As x-ray CT evolves towards 4D dynamic functional imaging, the simulation tools developed in this work will have applications in a broad range of imaging research in developing image acquisition strategies, image processing and reconstruction methods, and image visualization and interpretation techniques. Also, the tools provide the necessary foundation to achieve our longer range goal to optimize clinical CT applications so as to obtain the highest possible image quality with the minimum possible radiation dose to the patient. Such a task can only be practically and efficiently performed using accurate and realistic computer simulation methods which we are developing.
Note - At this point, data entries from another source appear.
Lemma mean_dev_ge U f (s : R) : 0 < s ->
  mean U (fun E => (s <= `|f E - mean U f|)%R%:R) <=
    mean U (fun E => (f E - mean U f) ^+ 2) / s ^+ 2.
Proof.
move=> s0; rewrite mulrC -meanZ; apply: ler_mean => E _.
have s2 : 0 < s ^+ 2 by rewrite exprn_gt0.
have [le_s | _] := boolP (s <= _); last by rewrite mulr_ge0 ?sqr_ge0 ?invr_ge0 ?ltW.
rewrite mulrC ler_pdivlMr // mul1r.
by move: le_s; rewrite ler_normr => /orP[] ?; nra.
Qed.
End Averaging.

Lemma geq_bigminn_cond (I : finType) (P : pred I) (F : I -> nat) m j :
  P j -> (\big[minn/m]_(i | P i) F i <= F j)%N.
Proof.
move=> Pj; have : j \in index_enum I by rewrite mem_index_enum.
elim: (index_enum I) => // i r IHr; rewrite inE big_cons => /predU1P[<- | jr].
  by rewrite Pj geq_minl.
by case: ifP => _; rewrite ?geq_min IHr ?orbT.
Qed.

Section Colouring.
Variable n : nat.
Implicit Types (k : nat) (E : {set {set 'I_n}}) (Z A B : {set 'I_n}).

Lemma properP k E Z (f : {ffun 'I_n -> 'I_k}) :
  reflect (forall u v, u \in Z -> v \in Z -> [set u; v] \in E -> f u != f v)
          (proper_on E Z f).
Proof.
apply: (iffP forallP) => [f_ok u v uZ vZ uvE | f_ok u].
  by move: (f_ok u) => /forallP/(_ v)/implyP; apply; apply/and3P.
by apply/forallP=> v; apply/implyP=> /and3P[uZ vZ uvE]; apply: f_ok.
Qed.

Lemma colorable_gt0 k E Z : (0 < n)%N -> colorable E Z k -> (0 < k)%N.
Proof. by move=> n0 /existsP[f _]; case: k f => // f; case: (f (Ordinal n0)). Qed.

Lemma colorable_widen k k' E Z : (k <= k')%N -> colorable E Z k -> colorable E Z k'.
Proof.
move=> kk' /existsP[f /properP f_ok]; apply/existsP.
exists [ffun u => widen_ord kk' (f u)]; apply/properP=> u v uZ vZ uvE.
by rewrite !ffunE -(inj_eq val_inj) /= (inj_eq val_inj) f_ok.
Qed.

Lemma colorableU a b E A B :
  colorable E A a -> colorable E B b -> colorable E (A :|: B) (a + b).
Proof.
move=> /existsP[f /properP f_ok] /existsP[g /properP g_ok]; apply/existsP.
exists [ffun u => if u \in A then lshift b (f u) else rshift a (g u)].
apply/properP=> u v; rewrite !inE !ffunE -(inj_eq val_inj) => uAB vAB uvE.
case: (boolP (u \in A)) => uA; case: (boolP (v \in A)) => vA /=.
- by rewrite (inj_eq val_inj) f_ok.
- by rewrite neq_ltn ltn_addr.
- by rewrite neq_ltn ltn_addr ?orbT.
- move: uAB vAB; rewrite (negbTE uA) (negbTE vA) => uB vB.
  by rewrite eqn_add2l (inj_eq val_inj) g_ok.
Qed.

Lemma colorable_n E Z : E \subset pairs n -> colorable E Z n.
Proof.
move=> EP; apply/existsP; exists [ffun u => u]; apply/properP=> u v _ _ uvE.
by rewrite !ffunE; apply: contraTneq (subsetP EP _ uvE) => ->; rewrite inE setUid cards1.
Qed.

Lemma chi_colorable E Z : E \subset pairs n -> colorable E Z (chi E Z).
Proof.
move=> EP; apply: (big_ind (colorable E Z)) => //; first exact: colorable_n.
by move=> a b; rewrite /minn; case: ifP.
Qed.

Lemma chi_min k E Z : colorable E Z k -> (chi E Z <= k)%N.
Proof.
move=> colk; have [kn | nk] := leqP k n.
  by rewrite -ltnS in kn; apply: (geq_bigminn_cond _ _ (j := Ordinal kn)).
apply: leq_trans (ltnW nk); apply: (big_ind (fun a => a <= n)%N) => // [a b|i _].
  by rewrite geq_min => ->.
by rewrite -ltnS.
Qed.

Lemma chi_gt0 E Z : (0 < n)%N -> (0 < chi E Z)%N.
Proof.
move=> n0; apply: (big_ind (fun a => 0 < a)%N) => // [a b|i]; first by rewrite leq_min => ->.
exact: colorable_gt0.
Qed.

(* For [k = 0] no [Z] qualifies when [n > 0], and [n] is a junk value. *)
Definition deficiency k E := \big[minn/n]_(Z | colorable E (~: Z) k) #|Z|.

Lemma deficiency_le k E Z : colorable E (~: Z) k -> (deficiency k E <= #|Z|)%N.
Proof. exact: (geq_bigminn_cond (fun Z : {set 'I_n} => #|Z|)). Qed.

Lemma deficiency_witness k E : (0 < k)%N ->
  exists2 Z, colorable E (~: Z) k & #|Z| = deficiency k E.
Proof.
move=> k0; apply: (big_ind (fun a => exists2 Z, colorable E (~: Z) k & #|Z| = a)).
- exists [set: 'I_n]; last by rewrite cardsT card_ord.
  by apply/existsP; exists [ffun=> Ordinal k0]; apply/properP=> u v; rewrite !inE.
- by move=> a b; rewrite /minn; case: ifP.
- by move=> Z colZ; exists Z.
Qed.

Lemma deficiency_lipschitz k (v : 'I_n) E E' : (0 < k)%N ->
    (forall e, (e \in E) != (e \in E') -> v \in e) ->
  (deficiency k E' <= (deficiency k E).+1)%N.
Proof.
move=> k0 EE'v; have [Z /existsP[f /properP f_ok] <-] := deficiency_witness E k0.
apply: leq_trans (deficiency_le (Z := v |: Z) _) _; last first.
  by rewrite cardsU1; case: (v \in Z).
apply/existsP; exists f; apply/properP=> u w.
rewrite !inE !negb_or => /andP[uv uZ] /andP[wv wZ] uwE'.
apply: f_ok; rewrite ?inE //; apply: contraNT uv => uwNE.
have /EE'v : ([set u; w] \in E) != ([set u; w] \in E') by rewrite uwE' (negbTE uwNE).
by rewrite !inE => /orP[/eqP-> // | /eqP vw]; rewrite vw eqxx in wv.
Qed.

Lemma chi_le_deficiency_add (R : realDomainType) (z : R) k E :
    E \subset pairs n -> (0 < k)%N -> (deficiency k E)%:R <= z ->
  (chi E [set: 'I_n]%SET <= k + \max_(Z : {set 'I_n} | ((#|Z|%:R : R) <= z)%R) chi E Z)%N.
Proof.
move=> EP k0 def_z; have [Z colZ eZ] := deficiency_witness E k0.
have := colorableU colZ (chi_colorable Z EP); rewrite setUC setUCr => /chi_min.
move/leq_trans; apply; rewrite leq_add2l.
by apply: (leq_bigmax_cond (P := fun Z : {set 'I_n} => (#|Z|%:R <= z)%R)); rewrite eZ.
Qed.
End Colouring.

Section VertexExposure.
Variable n : nat.

Definition pairs_below i : {set {set 'I_n}} :=
  [set e in pairs n | [forall j in e, (j < i)%N]].

Lemma pairs_below0 : pairs_below 0 = set0.
Proof.
apply/setP=> e; rewrite !inE; apply/negbTE/andP=> -[e2 /forall_inP e_lt0].
have /set0Pn[j je] : e != set0 by rewrite -card_gt0 (eqP e2).
by have := e_lt0 j je.
Qed.

Lemma pairs_below_n : pairs_below n = pairs n.
Proof. by apply/setP=> e; rewrite inE andb_idr // => _; apply/forall_inP=> j _. Qed.

Lemma pairs_belowS i : pairs_below i \subset pairs_below i.+1.
Proof.
apply/subsetP=> e; rewrite !inE => /andP[-> /forall_inP e_lt].
by apply/forall_inP=> j /e_lt /ltnW.
Qed.

Lemma mem_pairs_belowSD i e : e \in pairs_below i.+1 :\: pairs_below i ->
  exists2 j : 'I_n, j \in e & val j = i.
Proof.
rewrite !inE => /andP[e_ge /andP[eP /forall_inP e_le]].
rewrite eP /= in e_ge; case/forall_inPn: e_ge => j je; rewrite -leqNgt => ij.
by exists j => //; apply/eqP; rewrite eqn_leq ij -ltnS e_le.
Qed.

Lemma deficiency_lipschitz_on (R : realFieldType) k i : (0 < k)%N ->
  lipschitz_on (pairs_below i.+1 :\: pairs_below i) (fun E => (deficiency k E)%:R : R).
Proof.
move=> k0 E E'; set D := pairs_below i.+1 :\: pairs_below i => EE'.
rewrite natr1 ler_nat.
have diffD e : (e \in E) != (e \in E') -> e \in D.
  apply: contraLR => eND; rewrite negbK; move/setP/(_ e): EE'.
  by rewrite [e \in E :\: D]in_setD [e \in E' :\: D]in_setD (negbTE eND) /= => ->.
have [e /[dup] /diffD /mem_pairs_belowSD[j je ji] _ | E_E'] :=
  pickP (fun e => (e \in E) != (e \in E')).
  apply: (deficiency_lipschitz (v := j)) => // e' /diffD /mem_pairs_belowSD[j' j'e' j'i].
  by rewrite (_ : j = j') //; apply: val_inj; rewrite ji j'i.
have -> : E' = E by apply/setP=> e; apply/esym/eqP/negbFE/E_E'.
exact: leqnSn.
Qed.
End VertexExposure.

Section GnpProbability.
Variables (R : realType) (n : nat) (p : R).
Hypothesis p01 : 0 <= p <= 1.
Local Notation graph := {set {set 'I_n}}.
Implicit Types (A B C : pred graph) (k : nat).

Lemma PrE A : Pr p A = mean p (pairs n) (fun E => (A E)%:R).
Proof. by []. Qed.

Lemma ler_Pr A B : {in powerset (pairs n), forall E, A E -> B E} -> Pr p A <= Pr p B.
Proof.
move=> AB; rewrite !PrE; apply: ler_mean => // E /AB.
by case: (A E) => [-> // | _]; rewrite ler0n.
Qed.

Lemma Pr_le1 A : Pr p A <= 1.
Proof.
rewrite PrE -[X in _ <= X](mean_cst p (pairs n)); apply: ler_mean => // E _.
by rewrite lern1 leq_b1.
Qed.

Lemma Pr_pred0 A : {in powerset (pairs n), forall E, ~~ A E} -> Pr p A = 0.
Proof.
move=> A0; rewrite PrE -[RHS](mean_cst p (pairs n)); apply: eq_mean => E /A0.
by move/negbTE ->.
Qed.

Lemma Pr_subU A B C :
  {in powerset (pairs n), forall E, A E -> B E || C E} -> Pr p A <= Pr p B + Pr p C.
Proof.
move=> ABC; rewrite !PrE -meanD; apply: ler_mean => // E /ABC.
by rewrite -natrD ler_nat; case: (A E) => [/(_ isT)|_]; case: (B E); case: (C E).
Qed.

Lemma deficiency_dev k (s : R) : (0 < k)%N -> 0 < s ->
  Pr p (fun E : graph => s <= `|(deficiency k E)%:R -
                              mean p (pairs n) (fun E : graph => (deficiency k E)%:R)|)
    <= n%:R / s ^+ 2.
Proof.
move=> k0 s0; rewrite PrE; apply: le_trans (mean_dev_ge p01 _ _ s0) _.
rewrite ler_pM2r ?invr_gt0 ?exprn_gt0 //.
apply: (variance_chain_le p01 (V := @pairs_below n)
                           (f := fun E : graph => (deficiency k E)%:R)).
- exact: pairs_below0.
- exact: pairs_below_n.
- exact: pairs_belowS.
- by move=> i _; apply: deficiency_lipschitz_on.
Qed.

Lemma deficiency_mean_lt k (eps : R) : (0 < n)%N -> (0 < k)%N -> 0 < eps ->
    eps <= Pr p (fun E : graph => (chi E [set: 'I_n]%SET <= k)%N) ->
  mean p (pairs n) (fun E : graph => (deficiency k E)%:R) < (eps^-1 + 1) * Num.sqrt n%:R.
Proof.
move=> n0 k0 eps0 eps_le; set c := eps^-1 + 1; set sn := Num.sqrt n%:R.
set m := mean _ _ _; have ieps0 : 0 < eps^-1 by rewrite invr_gt0.
have c0 : 0 < c by rewrite /c; lra.
have csn0 : 0 < c * sn by rewrite mulr_gt0 // sqrtr_gt0 ltr0n.
(* If chi <= k then the deficiency is 0, so a mean >= c sqrt n would put the
   event {chi <= k} in a Chebyshev tail of probability <= 1/c^2 < eps. *)
rewrite ltNge; apply/negP => le_m.
have : eps <= (c ^+ 2)^-1.
  have -> : (c ^+ 2)^-1 = n%:R / (c * sn) ^+ 2.
    rewrite exprMn sqr_sqrtr ?ler0n //; field.
    by rewrite pnatr_eq0 -lt0n n0 gt_eqF.
  apply: le_trans eps_le _; apply: le_trans (deficiency_dev k0 csn0).
  apply: ler_Pr => E; rewrite inE => EP chi_k.
  have -> : deficiency k E = 0%N.
    apply/eqP; rewrite -leqn0 -(cards0 'I_n); apply: deficiency_le.
    by rewrite setC0; apply: colorable_widen chi_k (chi_colorable _ EP).
  by rewrite sub0r normrN (le_trans le_m (ler_norm _)).
rewrite -[_^-1]mul1r ler_pdivlMr ?exprn_gt0 //.
have -> : eps * c ^+ 2 = eps^-1 + 2 + eps by rewrite /c; field; rewrite gt_eqF.
lra.
Qed.

Lemma deficiency_tail k (eps w : R) : (0 < n)%N -> (0 < k)%N -> 0 < eps ->
    eps^-1 + 1 < w -> eps <= Pr p (fun E : graph => (chi E [set: 'I_n]%SET <= k)%N) ->
  Pr p (fun E : graph => w * Num.sqrt n%:R < (deficiency k E)%:R) <= (w - (eps^-1 + 1)) ^-2.
Proof.
move=> n0 k0 eps0 c_w eps_le; have := deficiency_mean_lt n0 k0 eps0 eps_le.
set c := eps^-1 + 1; set sn := Num.sqrt n%:R; set m := mean _ _ _ => m_lt.
have sn0 : 0 < sn by rewrite sqrtr_gt0 ltr0n.
have wcsn0 : 0 < (w - c) * sn by rewrite mulr_gt0 // subr_gt0.
have -> : (w - c) ^-2 = n%:R / ((w - c) * sn) ^+ 2.
  rewrite exprMn sqr_sqrtr ?ler0n //; field.
  by rewrite pnatr_eq0 -lt0n n0 subr_eq0 gt_eqF.
apply: le_trans (deficiency_dev k0 wcsn0); apply: ler_Pr => E _ Y_gt.
by rewrite (le_trans _ (ler_norm _)) // mulrBl -/m; lra.
Qed.
End GnpProbability.

Lemma invr_sqr_lt (R : realFieldType) (d x : R) : 0 < d -> 1 + d^-1 < x -> x ^-2 < d.
Proof.
move=> d0 dx; have id0 : 0 < d^-1 by rewrite invr_gt0.
have x0 : 0 < x by lra.
by rewrite -[d]invrK ltf_pV2 ?posrE ?invr_gt0 ?exprn_gt0 // expr2; nra.
Qed.

Section ChromaticConcentration.
Variables (R : realType) (n : nat) (p w G : R).
Hypotheses (p01 : 0 <= p <= 1) (n_gt0 : (0 < n)%N).
Local Notation graph := {set {set 'I_n}}.
Local Notation chiG E := (chi E [set: 'I_n]%SET).
Local Notation small_chi_le_G := (fun E : graph =>
  ((\max_(Z : {set 'I_n} | (#|Z|%:R : R) <= w * Num.sqrt n%:R) chi E Z)%:R <= G)).

Lemma Pr_chi_shift (k : int) (eps : R) : 0 < eps -> eps^-1 + 1 < w ->
    eps <= Pr p (fun E : graph => (chiG E)%:Z <= k) ->
  Pr p small_chi_le_G <=
    Pr p (fun E : graph => (chiG E)%:R <= k%:~R + G) + (w - (eps^-1 + 1)) ^-2.
Proof.
move=> eps0 c_w eps_le.
have k_gt0 : 0 < k.
  rewrite ltNge; apply/negP => k_le0.
  have : Pr p (fun E : graph => (chiG E)%:Z <= k) = 0.
    by apply: Pr_pred0 => E _; rewrite -ltNge (le_lt_trans k_le0) // ltz_nat chi_gt0.
  lra.
case: k k_gt0 eps_le => // k; rewrite ltz_nat => k_gt0 eps_le.
apply: le_trans (lerD (lexx _) (deficiency_tail p01 n_gt0 k_gt0 eps0 c_w eps_le)).
apply: (Pr_subU p01) => E; rewrite inE => EP HE.
have [Y_gt | Y_le] := ltP (w * Num.sqrt n%:R) (deficiency k E)%:R; first by rewrite orbT.
have := chi_le_deficiency_add EP k_gt0 Y_le; rewrite -(ler_nat R) natrD => chi_le.
by rewrite (le_trans chi_le) // lerD2l.
Qed.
Fig. 4. (Left) Initial extension of the 4D XCAT* anatomy. (Right) Simulated chest x-ray CT images from the extended 4D XCAT*. Coronal (top row) and transaxial (bottom 2 rows) reconstructed slices are shown. Images are more realistic than those shown in Fig. 3.
The rapid growth in genetics and molecular biology combined with the development of techniques for genetically engineering small animals has led to increased interest in in vivo small animal imaging. With the rise of small animal imaging, new instrumentation, data acquisition strategies, and image processing and reconstruction techniques are being developed and researched. A major challenge is how to evaluate the results of these new developments. Simulation techniques can provide a vital tool to evaluate and improve molecular imaging devices and techniques. Currently, there is a lack of realistic computer-generated phantoms modeling the mouse anatomy and physiological functions for use in molecular imaging research.
The same methods and techniques used to develop the 4D XCAT* phantom were used in the creation of a new 4D mouse whole body (MOBY) phantom, Fig. 5. The organ shapes are modeled with NURBS surfaces. High-resolution 3D magnetic resonance microscopy (MRM) data obtained from the Duke Center for In Vivo Microscopy was used as the basis for the formation of the surfaces. Cardiac and respiratory motions were modeled using a gated black-blood magnetic resonance imaging (bb-MRI) dataset of a normal mouse as the basis for the cardiac model and respiratory-gated MRI and known respiratory mechanics as the basis for the respiratory model. The gated MR images were obtained from the University of Virginia. In each case, the time-changing 3D surfaces are defined by a set of time curves to create time continuous dynamic or 4D NURBS surface models. The MOBY phantom provides a unique and useful tool in molecular imaging research, especially in the development of new imaging instrumentation, image acquisition strategies, and image processing and reconstruction methods.
Fig. 5. (Left) Anterior view of the 4D MOBY phantom. (Middle) Cardiac and respiratory motions of the MOBY phantom. (Right) MicroCT and MicroSPECT images simulated using the phantom.